But Wein doesn’t dwell on bad news. And he was soon gushing about how, last June, the American Society of Composers, Authors and Publishers inducted him into its Hall of Fame, where he joins the company of Louis Armstrong, Benny Goodman and Jelly Roll Morton. A few months earlier he traveled to New Orleans to cut the ribbon on the George and Joyce Wein Jazz & Heritage Center. “That meant a lot to me, because I was married to an African-American woman,” he said. “And we were married before the Civil Rights [Act] was passed, and the first time I went to New Orleans I couldn’t bring my wife. And now you see our names up there, right there on Rampart Street.”

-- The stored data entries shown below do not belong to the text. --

Lemma h_nfold_exact n a : INR n * h a <= 1 -> h (nfold A n a) = INR n * h a.
Proof. intro H. rewrite h_nfold. case_minmax. Qed.

Lemma h_bigjoin_ge a l : In a l -> h a <= h (bigjoin A l).
Proof.
  induction l as [|b l IH]; simpl; [tauto|]. rewrite h_join.
  intros [<-|Hin]; [apply Rmax_l|]. eapply Rle_trans; [apply IH, Hin|apply Rmax_r].
Qed.

Lemma h_bigjoin_lt c l : 0 < c -> (forall a, In a l -> h a < c) -> h (bigjoin A l) < c.
Proof.
  intros Hc. induction l as [|b l IH]; simpl; intro Hl.
  - rewrite h_zero. exact Hc.
  - rewrite h_join. apply Rmax_lub_lt; auto.
Qed.

Lemma h_bigmeet_le a l : In a l -> h (bigmeet A l) <= h a.
Proof.
  induction l as [|b l IH]; simpl; [tauto|]. rewrite h_meet.
  intros [<-|Hin]; [apply Rmin_l|]. eapply Rle_trans; [apply Rmin_r|apply IH, Hin].
Qed.

Lemma h_bigmeet_gt c l : c < 1 -> (forall a, In a l -> c < h a) -> c < h (bigmeet A l).
Proof.
  intros Hc. induction l as [|b l IH]; simpl; intro Hl.
  - rewrite h_one. exact Hc.
  - rewrite h_meet. apply Rmin_glb_lt; auto.
Qed.
End MVHom.

Lemma two_pow_pos n : 0 < 2 ^ n.
Proof. apply pow_lt. lra. Qed.

Lemma inv_pow2_S n : / 2 ^ S n = / 2 ^ n / 2.
Proof. simpl. pose proof (two_pow_pos n). field. lra. Qed.

Lemma inv_pow2_lim : is_lim_seq (fun n => / 2 ^ S n) 0.
Proof.
  apply is_lim_seq_ext with (fun n => (/2) ^ S n).
  { intro n. apply pow_inv. }
  apply (is_lim_seq_incr_1 (fun n => (/2) ^ n)), is_lim_seq_geom.
  rewrite Rabs_pos_eq; lra.
Qed.

Lemma series_of_halving (x t : nat -> R) : (forall n, 0 <= t n <= 1) ->
  (forall n, t n = x n / 2 + t (S n) / 2) ->
  is_series (fun n => x n / 2 ^ S n) (t O).
Proof.
  intros Ht Hrec.
  assert (Hpart : forall n, sum_n (fun k => x k / 2 ^ S k) n = t O - t (S n) / 2 ^ S n).
  { induction n as [|n IH].
    - rewrite sum_O, (Hrec O). simpl. field.
    - rewrite sum_Sn, IH, (Hrec (S n)). pose proof (two_pow_pos n).
      change (plus ?a ?b) with (a + b). simpl. field. lra. }
  enough (H : is_lim_seq (sum_n (fun k => x k / 2 ^ S k)) (t O)) by exact H.
  apply is_lim_seq_ext with (fun n => t O - t (S n) / 2 ^ S n).
  { intro n. symmetry. apply Hpart. }
  assert (Htail : is_lim_seq (fun n => t (S n) / 2 ^ S n) 0).
  { apply is_lim_seq_le_le with (fun _ => 0) (fun n => / 2 ^ S n);
      [|apply is_lim_seq_const|apply inv_pow2_lim].
    intro n. pose proof (two_pow_pos (S n)). destruct (Ht (S n)). split.
    - apply Rdiv_le_0_compat; lra.
    - unfold Rdiv. rewrite <- (Rmult_1_l (/ 2 ^ S n)) at 2.
      apply Rmult_le_compat_r; [apply Rlt_le, Rinv_0_lt_compat|]; lra. }
  pose proof (is_lim_seq_minus' _ _ _ _ (is_lim_seq_const (t O)) Htail) as H.
  rewrite Rminus_0_r in H. exact H.
Qed.

Lemma series_of_increments (u : nat -> R) (L : R) : is_lim_seq u L ->
  is_series (fun k => u (S k) - u k) (L - u O).
Proof.
  intro Hu.
  enough (H : is_lim_seq (sum_n (fun k => u (S k) - u k)) (L - u O)) by exact H.
  apply is_lim_seq_ext with (fun n => u (S n) - u O).
  { intro n. induction n as [|n IH]; [rewrite sum_O; reflexivity|].
    rewrite sum_Sn, <- IH. change (plus ?a ?b) with (a + b). ring. }
  apply is_lim_seq_minus'; [apply (is_lim_seq_incr_1 u), Hu|apply is_lim_seq_const].
Qed.

Section DeltaValues.
Variable A : deltaAlgebra.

The themes that arose most prominently in our conversation were respect and pride. For much of his life, Wein told me, he sought the kind of esteem that came naturally to a physician like his father: “Everybody respected Dr. Wein. I wanted that same respect, and I worked very hard for it.
“I’m proud of the fact that I think everybody that’s involved with jazz has more respect, and I think that I’m very much a part of that.” He pointed to the existence of Jazz at Lincoln Center, and to the fact that, nowadays, parents don’t balk if a teenager aspires to a career in jazz. (More evidence: The Newport Festivals Foundation’s gala, in August, will be co-chaired by two U.S. senators and by Rhode Island’s governor, Gina Raimondo.) “And I’m proud that I made my own way,” he added. “I wasn’t copying people along the way. I kept thinking of unique approaches and then made them work.”
In other words, he improvised.
What better way to describe a life of jazz?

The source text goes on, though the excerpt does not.